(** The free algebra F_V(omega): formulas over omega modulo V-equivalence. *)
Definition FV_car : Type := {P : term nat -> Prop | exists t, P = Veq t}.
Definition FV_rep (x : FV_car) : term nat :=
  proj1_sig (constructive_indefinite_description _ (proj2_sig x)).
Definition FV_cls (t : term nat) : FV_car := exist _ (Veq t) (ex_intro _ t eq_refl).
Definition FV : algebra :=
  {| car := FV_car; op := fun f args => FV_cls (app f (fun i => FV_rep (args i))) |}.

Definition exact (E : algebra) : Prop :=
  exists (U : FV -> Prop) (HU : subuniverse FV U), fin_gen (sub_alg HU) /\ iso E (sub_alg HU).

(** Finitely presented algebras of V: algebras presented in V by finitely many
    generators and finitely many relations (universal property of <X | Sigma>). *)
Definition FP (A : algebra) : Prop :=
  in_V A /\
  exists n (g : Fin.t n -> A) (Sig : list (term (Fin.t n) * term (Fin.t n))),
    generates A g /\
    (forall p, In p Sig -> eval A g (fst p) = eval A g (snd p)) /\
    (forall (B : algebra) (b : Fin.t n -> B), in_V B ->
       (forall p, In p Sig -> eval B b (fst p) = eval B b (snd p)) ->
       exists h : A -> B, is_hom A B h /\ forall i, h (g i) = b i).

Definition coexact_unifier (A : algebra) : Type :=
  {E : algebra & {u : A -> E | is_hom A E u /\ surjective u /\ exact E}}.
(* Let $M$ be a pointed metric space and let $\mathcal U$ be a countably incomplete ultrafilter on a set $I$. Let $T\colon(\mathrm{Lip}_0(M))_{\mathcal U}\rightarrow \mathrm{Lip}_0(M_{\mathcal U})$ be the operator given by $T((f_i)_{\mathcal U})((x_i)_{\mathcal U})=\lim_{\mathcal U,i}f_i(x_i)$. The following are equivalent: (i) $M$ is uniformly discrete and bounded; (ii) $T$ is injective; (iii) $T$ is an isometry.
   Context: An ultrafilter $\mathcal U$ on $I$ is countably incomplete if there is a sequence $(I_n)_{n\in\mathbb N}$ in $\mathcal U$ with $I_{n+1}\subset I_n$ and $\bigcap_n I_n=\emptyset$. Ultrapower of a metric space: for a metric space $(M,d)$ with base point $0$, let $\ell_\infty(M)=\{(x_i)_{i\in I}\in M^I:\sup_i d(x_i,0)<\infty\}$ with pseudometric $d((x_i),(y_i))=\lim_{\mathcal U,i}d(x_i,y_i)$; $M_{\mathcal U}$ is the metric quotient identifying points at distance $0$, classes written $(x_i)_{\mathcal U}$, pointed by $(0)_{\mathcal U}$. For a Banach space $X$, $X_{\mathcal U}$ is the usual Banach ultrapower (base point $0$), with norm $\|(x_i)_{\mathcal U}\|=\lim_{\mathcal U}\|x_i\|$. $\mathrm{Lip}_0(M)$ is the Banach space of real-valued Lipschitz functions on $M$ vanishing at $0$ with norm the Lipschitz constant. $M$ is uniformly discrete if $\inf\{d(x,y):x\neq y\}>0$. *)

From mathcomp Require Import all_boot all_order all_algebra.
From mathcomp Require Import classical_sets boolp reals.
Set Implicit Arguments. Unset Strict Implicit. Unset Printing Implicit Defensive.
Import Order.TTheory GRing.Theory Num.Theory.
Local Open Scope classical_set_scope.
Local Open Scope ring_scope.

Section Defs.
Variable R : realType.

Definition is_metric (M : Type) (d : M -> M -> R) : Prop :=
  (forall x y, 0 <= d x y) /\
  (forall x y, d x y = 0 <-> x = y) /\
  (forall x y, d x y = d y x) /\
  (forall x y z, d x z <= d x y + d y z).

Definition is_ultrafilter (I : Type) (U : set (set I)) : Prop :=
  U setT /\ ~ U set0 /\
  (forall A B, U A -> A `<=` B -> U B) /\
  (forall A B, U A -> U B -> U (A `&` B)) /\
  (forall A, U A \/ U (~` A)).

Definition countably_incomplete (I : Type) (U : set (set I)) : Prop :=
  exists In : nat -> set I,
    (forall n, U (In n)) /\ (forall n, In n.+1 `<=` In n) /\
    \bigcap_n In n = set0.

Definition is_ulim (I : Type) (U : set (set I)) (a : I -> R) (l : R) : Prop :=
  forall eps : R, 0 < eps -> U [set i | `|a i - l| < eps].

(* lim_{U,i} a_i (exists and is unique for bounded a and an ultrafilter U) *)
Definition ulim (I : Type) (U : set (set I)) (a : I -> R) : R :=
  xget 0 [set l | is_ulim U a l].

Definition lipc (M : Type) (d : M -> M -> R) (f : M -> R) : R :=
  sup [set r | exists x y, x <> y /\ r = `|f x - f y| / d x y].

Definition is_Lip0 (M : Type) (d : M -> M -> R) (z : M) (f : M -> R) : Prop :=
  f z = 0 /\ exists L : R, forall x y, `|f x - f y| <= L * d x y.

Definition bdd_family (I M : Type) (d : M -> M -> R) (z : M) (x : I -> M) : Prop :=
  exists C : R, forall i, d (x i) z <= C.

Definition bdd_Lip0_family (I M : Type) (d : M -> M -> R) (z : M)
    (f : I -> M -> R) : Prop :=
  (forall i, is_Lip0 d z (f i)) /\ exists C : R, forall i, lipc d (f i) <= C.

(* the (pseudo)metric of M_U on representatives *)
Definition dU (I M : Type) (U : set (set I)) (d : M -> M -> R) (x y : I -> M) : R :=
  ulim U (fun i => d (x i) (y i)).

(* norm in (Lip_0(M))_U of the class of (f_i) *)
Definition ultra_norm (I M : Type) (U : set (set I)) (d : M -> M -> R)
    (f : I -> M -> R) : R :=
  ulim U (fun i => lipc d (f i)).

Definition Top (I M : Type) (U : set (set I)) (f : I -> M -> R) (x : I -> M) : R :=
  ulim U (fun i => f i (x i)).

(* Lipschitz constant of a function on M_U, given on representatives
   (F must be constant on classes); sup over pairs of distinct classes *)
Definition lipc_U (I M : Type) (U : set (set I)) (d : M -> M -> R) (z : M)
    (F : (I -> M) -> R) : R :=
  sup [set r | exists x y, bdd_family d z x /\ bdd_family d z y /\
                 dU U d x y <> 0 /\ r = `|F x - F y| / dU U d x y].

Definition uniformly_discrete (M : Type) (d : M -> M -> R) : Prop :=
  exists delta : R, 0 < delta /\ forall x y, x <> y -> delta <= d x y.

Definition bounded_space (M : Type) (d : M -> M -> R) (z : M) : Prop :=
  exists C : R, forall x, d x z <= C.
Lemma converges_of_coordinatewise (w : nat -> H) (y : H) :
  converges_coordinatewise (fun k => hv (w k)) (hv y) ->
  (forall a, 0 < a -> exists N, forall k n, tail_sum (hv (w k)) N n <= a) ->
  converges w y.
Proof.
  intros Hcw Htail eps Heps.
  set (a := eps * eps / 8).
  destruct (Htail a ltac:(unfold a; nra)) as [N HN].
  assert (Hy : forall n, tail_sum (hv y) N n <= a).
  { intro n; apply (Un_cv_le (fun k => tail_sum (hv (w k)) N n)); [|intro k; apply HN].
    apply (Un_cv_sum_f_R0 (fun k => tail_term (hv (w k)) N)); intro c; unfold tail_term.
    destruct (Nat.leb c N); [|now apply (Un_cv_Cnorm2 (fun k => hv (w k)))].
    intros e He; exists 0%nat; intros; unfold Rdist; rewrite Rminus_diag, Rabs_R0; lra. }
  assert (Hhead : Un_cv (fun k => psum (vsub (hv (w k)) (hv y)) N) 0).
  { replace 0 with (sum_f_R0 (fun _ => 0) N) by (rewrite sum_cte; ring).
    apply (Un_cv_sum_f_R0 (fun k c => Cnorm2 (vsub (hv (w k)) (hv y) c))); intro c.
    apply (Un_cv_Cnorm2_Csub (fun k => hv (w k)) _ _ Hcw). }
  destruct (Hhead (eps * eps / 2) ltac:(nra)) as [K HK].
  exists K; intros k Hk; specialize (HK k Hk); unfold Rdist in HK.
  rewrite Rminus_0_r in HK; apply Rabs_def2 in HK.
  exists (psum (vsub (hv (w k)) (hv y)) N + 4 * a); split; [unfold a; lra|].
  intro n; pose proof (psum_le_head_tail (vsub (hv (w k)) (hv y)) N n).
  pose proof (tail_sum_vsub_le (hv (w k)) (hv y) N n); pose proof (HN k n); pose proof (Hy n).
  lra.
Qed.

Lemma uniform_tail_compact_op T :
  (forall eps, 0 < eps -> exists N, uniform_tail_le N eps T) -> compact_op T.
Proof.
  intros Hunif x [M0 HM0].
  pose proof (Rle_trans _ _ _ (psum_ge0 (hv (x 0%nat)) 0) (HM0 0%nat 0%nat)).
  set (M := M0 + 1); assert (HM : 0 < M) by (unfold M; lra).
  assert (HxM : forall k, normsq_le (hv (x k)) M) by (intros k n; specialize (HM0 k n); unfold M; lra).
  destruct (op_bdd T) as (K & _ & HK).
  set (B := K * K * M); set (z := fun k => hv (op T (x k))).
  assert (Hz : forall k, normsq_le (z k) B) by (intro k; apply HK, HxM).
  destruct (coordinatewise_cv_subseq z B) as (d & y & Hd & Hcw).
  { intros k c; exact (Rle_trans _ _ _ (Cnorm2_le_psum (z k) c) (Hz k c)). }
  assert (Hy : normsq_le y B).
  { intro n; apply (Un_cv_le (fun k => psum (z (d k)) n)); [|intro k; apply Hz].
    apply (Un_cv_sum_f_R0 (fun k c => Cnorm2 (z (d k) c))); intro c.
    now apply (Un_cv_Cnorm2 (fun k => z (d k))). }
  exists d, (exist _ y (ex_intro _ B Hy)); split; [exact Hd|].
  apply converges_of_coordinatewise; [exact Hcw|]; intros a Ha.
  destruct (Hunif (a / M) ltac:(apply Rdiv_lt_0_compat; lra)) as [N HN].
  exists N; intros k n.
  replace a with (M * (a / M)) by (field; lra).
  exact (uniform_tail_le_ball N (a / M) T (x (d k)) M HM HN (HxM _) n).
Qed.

☆ ☆ ☆ ☆ ☆

• [What the exercise asks]:
Output the material above exactly, but only from the line that carries "converges w y." through the line that carries "k; apply HN].".

• [Written response]:
  converges w y.
Proof.
  intros Hcw Htail eps Heps.
  set (a := eps * eps / 8).
  destruct (Htail a ltac:(unfold a; nra)) as [N HN].
  assert (Hy : forall n, tail_sum (hv y) N n <= a).
  { intro n; apply (Un_cv_le (fun k => tail_sum (hv (w k)) N n)); [|intro k; apply HN].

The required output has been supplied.